= What you will do =
Copy the result of filtering the entries below for lines that include the string "have".
═══ Dataset excerpts
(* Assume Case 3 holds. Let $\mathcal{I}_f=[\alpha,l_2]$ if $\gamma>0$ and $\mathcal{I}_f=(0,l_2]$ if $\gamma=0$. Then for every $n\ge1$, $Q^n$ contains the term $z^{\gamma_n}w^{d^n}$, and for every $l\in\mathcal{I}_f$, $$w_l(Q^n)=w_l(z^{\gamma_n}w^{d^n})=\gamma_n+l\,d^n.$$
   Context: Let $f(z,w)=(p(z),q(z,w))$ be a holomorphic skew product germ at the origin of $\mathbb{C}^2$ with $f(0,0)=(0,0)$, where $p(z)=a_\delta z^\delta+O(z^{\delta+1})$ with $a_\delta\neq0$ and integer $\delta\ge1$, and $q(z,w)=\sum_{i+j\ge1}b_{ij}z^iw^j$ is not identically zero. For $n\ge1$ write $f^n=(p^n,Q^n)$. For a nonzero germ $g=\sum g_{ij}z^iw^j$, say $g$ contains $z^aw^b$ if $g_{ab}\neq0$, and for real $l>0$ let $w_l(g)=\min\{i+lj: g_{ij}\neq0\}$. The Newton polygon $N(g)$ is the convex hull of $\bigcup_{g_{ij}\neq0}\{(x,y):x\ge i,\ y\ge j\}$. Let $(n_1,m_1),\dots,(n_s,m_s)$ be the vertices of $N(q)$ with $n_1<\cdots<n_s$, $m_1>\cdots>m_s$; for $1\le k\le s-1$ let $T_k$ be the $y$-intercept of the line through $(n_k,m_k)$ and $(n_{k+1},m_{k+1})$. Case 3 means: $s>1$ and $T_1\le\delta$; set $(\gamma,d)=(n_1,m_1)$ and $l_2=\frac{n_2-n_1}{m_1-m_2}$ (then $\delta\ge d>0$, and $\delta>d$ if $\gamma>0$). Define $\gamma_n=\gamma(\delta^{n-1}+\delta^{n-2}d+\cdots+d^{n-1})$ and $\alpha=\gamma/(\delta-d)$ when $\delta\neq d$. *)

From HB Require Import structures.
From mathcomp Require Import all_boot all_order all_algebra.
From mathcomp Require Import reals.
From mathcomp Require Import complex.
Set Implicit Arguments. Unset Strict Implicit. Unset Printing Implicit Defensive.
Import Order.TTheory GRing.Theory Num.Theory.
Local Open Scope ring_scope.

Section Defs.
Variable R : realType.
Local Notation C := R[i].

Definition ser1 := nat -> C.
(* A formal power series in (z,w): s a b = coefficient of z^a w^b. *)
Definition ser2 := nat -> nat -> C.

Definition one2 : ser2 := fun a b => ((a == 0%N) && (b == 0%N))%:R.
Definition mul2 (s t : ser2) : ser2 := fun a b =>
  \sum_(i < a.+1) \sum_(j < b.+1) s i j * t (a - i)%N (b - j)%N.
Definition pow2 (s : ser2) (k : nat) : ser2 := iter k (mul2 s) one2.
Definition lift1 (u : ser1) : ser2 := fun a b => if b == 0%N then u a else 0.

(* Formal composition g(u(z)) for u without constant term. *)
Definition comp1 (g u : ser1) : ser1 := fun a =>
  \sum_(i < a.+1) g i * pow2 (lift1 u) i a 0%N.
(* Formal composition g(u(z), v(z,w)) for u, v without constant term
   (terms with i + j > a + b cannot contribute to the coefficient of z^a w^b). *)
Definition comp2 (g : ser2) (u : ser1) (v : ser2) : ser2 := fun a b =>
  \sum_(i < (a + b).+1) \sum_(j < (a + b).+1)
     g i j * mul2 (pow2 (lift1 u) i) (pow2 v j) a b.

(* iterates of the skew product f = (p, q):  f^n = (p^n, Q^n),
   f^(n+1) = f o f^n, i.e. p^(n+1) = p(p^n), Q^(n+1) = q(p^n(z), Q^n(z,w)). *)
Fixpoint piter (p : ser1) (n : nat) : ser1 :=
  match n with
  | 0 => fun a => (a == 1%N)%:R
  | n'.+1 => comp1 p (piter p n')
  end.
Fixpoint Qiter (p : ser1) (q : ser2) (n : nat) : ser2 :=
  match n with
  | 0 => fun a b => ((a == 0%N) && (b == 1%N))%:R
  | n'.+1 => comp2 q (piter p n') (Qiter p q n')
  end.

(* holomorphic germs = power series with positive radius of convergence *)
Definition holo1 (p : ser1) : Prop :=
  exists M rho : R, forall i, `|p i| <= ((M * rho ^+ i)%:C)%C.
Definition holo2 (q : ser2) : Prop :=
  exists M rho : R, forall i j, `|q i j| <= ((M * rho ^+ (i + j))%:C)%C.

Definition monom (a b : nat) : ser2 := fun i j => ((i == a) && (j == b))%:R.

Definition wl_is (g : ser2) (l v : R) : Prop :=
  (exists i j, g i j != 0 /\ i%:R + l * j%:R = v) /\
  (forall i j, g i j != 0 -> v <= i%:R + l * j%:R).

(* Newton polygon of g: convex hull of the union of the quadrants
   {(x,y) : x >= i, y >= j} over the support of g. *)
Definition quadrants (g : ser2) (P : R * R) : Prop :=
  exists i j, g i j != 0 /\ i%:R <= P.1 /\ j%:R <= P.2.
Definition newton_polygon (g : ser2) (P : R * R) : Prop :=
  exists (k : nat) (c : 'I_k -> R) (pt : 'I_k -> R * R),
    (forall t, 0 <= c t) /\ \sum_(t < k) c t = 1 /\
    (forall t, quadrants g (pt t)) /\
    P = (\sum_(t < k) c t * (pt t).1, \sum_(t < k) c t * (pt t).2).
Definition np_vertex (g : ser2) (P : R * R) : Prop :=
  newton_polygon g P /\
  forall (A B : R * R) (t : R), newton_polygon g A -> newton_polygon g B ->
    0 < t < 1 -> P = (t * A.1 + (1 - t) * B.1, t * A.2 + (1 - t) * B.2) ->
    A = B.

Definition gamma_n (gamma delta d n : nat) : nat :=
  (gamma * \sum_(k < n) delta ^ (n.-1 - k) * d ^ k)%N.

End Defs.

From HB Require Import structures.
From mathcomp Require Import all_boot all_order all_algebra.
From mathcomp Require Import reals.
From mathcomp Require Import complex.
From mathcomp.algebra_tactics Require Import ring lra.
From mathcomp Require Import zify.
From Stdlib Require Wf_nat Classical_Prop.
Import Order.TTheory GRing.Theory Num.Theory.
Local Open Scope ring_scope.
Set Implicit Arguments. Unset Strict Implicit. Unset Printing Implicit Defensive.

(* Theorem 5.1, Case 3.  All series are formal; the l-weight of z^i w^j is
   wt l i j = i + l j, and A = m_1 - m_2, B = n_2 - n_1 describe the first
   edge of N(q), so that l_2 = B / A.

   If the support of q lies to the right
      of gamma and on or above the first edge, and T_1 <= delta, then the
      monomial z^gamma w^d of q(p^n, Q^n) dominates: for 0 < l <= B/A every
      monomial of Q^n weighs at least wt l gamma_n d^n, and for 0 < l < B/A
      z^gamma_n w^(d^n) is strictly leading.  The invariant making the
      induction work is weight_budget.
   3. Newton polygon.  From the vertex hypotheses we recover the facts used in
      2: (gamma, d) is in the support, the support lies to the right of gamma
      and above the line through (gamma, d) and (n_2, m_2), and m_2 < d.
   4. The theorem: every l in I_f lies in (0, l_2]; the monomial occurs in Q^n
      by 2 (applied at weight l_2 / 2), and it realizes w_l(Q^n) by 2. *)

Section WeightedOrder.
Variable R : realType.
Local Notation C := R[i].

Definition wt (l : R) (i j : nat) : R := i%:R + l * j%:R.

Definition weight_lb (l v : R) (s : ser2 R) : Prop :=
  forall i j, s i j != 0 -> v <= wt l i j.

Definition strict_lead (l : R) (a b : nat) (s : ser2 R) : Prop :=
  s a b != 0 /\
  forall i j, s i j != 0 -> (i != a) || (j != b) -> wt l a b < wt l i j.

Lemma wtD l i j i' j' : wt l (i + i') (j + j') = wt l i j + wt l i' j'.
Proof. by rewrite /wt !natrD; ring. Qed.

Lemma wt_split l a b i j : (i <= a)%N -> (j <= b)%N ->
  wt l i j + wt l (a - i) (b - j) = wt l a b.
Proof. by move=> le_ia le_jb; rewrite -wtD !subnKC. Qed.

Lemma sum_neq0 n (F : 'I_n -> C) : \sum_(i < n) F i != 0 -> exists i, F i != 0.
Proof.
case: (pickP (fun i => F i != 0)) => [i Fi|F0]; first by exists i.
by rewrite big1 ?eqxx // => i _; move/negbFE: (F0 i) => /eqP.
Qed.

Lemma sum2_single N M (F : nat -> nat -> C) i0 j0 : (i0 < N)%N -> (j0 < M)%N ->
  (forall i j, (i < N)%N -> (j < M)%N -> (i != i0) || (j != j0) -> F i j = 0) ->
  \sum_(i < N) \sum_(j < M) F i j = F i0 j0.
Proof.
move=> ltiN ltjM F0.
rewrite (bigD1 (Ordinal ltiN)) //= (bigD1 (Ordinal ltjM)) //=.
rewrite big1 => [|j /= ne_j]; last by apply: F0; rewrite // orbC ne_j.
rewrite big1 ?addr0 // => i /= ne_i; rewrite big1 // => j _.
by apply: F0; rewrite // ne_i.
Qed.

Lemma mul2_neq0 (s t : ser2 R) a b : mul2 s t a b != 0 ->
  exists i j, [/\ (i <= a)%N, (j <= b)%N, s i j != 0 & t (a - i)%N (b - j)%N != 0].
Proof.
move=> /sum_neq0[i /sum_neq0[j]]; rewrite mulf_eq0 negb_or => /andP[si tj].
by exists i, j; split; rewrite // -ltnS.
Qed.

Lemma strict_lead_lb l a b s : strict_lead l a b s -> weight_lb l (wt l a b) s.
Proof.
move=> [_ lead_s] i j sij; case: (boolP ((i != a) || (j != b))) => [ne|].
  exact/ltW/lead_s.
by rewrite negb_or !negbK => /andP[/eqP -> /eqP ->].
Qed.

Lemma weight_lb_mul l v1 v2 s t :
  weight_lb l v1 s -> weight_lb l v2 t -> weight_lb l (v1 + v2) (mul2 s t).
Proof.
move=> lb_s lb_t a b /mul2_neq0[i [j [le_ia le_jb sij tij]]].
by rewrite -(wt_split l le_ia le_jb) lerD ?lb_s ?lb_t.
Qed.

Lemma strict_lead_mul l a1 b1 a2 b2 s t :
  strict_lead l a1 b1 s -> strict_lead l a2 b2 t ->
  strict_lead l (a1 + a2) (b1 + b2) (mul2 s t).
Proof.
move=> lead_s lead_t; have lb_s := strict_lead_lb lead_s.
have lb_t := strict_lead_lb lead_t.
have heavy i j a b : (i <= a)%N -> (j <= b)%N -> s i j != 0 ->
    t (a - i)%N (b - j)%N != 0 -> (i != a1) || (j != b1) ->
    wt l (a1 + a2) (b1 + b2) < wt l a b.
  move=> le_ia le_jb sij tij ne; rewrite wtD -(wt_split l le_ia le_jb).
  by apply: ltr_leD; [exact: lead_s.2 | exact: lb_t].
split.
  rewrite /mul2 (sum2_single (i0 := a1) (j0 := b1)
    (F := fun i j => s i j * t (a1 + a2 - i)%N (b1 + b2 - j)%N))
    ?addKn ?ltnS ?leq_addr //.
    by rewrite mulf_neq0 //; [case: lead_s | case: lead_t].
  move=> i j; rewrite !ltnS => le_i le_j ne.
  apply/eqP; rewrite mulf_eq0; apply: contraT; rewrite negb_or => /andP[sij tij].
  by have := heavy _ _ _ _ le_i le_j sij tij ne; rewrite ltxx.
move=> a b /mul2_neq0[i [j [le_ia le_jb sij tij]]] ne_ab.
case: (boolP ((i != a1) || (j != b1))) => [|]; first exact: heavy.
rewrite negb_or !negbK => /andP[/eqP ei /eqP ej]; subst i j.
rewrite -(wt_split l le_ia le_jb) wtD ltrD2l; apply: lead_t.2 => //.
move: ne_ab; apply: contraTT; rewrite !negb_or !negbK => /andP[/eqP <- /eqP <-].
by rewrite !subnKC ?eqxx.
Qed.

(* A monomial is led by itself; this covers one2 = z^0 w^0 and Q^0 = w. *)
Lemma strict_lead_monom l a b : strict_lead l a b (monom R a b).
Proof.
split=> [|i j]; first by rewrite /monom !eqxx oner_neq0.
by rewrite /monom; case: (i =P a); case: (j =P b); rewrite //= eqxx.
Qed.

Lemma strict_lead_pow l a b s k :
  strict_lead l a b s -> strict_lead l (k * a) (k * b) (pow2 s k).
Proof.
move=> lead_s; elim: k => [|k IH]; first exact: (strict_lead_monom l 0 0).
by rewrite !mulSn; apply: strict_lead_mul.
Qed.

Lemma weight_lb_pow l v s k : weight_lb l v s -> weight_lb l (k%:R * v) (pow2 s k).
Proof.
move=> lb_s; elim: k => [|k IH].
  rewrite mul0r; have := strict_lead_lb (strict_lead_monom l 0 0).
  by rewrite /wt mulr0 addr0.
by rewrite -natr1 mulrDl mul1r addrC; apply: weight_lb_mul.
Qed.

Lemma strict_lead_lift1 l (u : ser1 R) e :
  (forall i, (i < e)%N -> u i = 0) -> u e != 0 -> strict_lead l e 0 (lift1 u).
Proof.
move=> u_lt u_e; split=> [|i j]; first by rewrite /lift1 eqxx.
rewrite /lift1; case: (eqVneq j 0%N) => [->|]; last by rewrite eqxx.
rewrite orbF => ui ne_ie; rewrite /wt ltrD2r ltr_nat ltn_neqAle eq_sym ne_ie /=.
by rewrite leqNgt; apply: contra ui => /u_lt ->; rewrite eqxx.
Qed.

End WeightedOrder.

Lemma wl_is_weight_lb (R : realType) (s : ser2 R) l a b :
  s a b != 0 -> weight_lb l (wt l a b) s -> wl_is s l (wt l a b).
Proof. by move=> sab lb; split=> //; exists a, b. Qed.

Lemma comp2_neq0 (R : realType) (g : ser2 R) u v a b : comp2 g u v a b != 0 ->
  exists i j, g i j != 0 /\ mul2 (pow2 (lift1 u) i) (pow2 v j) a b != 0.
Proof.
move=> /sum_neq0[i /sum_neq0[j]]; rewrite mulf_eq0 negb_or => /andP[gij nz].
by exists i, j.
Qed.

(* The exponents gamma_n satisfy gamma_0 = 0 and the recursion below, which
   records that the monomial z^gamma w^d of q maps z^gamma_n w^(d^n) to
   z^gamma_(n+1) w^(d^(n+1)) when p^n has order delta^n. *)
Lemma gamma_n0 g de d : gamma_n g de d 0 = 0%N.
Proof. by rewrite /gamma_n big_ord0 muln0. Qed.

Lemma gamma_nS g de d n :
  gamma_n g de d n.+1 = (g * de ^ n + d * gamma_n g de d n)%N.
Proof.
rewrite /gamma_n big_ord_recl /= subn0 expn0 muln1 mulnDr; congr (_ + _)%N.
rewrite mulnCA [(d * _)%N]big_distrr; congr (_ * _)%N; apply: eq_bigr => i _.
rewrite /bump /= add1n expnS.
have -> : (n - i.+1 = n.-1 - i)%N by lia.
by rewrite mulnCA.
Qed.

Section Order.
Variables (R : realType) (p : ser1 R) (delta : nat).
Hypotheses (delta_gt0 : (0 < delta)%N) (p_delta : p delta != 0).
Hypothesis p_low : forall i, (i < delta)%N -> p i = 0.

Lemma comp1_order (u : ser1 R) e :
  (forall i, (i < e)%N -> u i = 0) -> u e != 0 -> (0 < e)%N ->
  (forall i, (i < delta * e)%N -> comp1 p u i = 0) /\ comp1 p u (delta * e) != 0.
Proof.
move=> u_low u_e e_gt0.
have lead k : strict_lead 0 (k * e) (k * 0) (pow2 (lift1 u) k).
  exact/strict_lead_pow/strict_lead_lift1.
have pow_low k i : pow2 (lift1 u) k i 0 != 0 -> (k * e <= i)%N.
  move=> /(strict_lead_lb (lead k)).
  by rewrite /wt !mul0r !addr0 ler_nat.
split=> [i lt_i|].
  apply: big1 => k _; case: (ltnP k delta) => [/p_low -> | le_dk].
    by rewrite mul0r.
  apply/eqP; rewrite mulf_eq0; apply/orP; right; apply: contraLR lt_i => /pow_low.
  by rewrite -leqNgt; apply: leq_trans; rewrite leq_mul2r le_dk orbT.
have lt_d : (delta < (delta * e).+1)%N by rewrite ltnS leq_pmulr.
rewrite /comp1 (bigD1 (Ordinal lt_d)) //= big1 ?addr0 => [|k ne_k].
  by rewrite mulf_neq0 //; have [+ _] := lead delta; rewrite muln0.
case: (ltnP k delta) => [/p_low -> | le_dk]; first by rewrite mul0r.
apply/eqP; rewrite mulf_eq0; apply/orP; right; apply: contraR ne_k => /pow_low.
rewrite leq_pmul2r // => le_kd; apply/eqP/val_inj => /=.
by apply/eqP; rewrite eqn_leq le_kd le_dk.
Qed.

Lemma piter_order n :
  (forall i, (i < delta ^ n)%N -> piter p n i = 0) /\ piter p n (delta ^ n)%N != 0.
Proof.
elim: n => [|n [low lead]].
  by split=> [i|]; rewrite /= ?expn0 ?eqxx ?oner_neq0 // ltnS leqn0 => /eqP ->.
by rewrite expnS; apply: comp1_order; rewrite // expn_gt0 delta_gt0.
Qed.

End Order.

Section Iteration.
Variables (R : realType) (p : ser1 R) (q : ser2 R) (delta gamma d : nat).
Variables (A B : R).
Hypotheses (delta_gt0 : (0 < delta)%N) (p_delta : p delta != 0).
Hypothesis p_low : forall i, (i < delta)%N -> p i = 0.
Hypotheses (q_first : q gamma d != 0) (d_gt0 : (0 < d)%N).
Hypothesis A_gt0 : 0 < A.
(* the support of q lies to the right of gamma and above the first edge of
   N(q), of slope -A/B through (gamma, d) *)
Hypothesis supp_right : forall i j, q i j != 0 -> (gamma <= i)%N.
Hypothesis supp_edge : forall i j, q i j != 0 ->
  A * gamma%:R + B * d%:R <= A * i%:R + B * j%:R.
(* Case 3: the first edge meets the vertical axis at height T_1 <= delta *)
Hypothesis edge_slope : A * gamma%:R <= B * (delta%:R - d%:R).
══════
= Final answer =
move=> lead_s lead_t; have lb_s := strict_lead_lb lead_s.
have lb_t := strict_lead_lb lead_t.
have heavy i j a b : (i <= a)%N -> (j <= b)%N -> s i j != 0 ->
  by have := heavy _ _ _ _ le_i le_j sij tij ne; rewrite ltxx.
  rewrite mul0r; have := strict_lead_lb (strict_lead_monom l 0 0).
have -> : (n - i.+1 = n.-1 - i)%N by lia.
have lead k : strict_lead 0 (k * e) (k * 0) (pow2 (lift1 u) k).
have pow_low k i : pow2 (lift1 u) k i 0 != 0 -> (k * e <= i)%N.
have lt_d : (delta < (delta * e).+1)%N by rewrite ltnS leq_pmulr.
  by rewrite mulf_neq0 //; have [+ _] := lead delta; rewrite muln0.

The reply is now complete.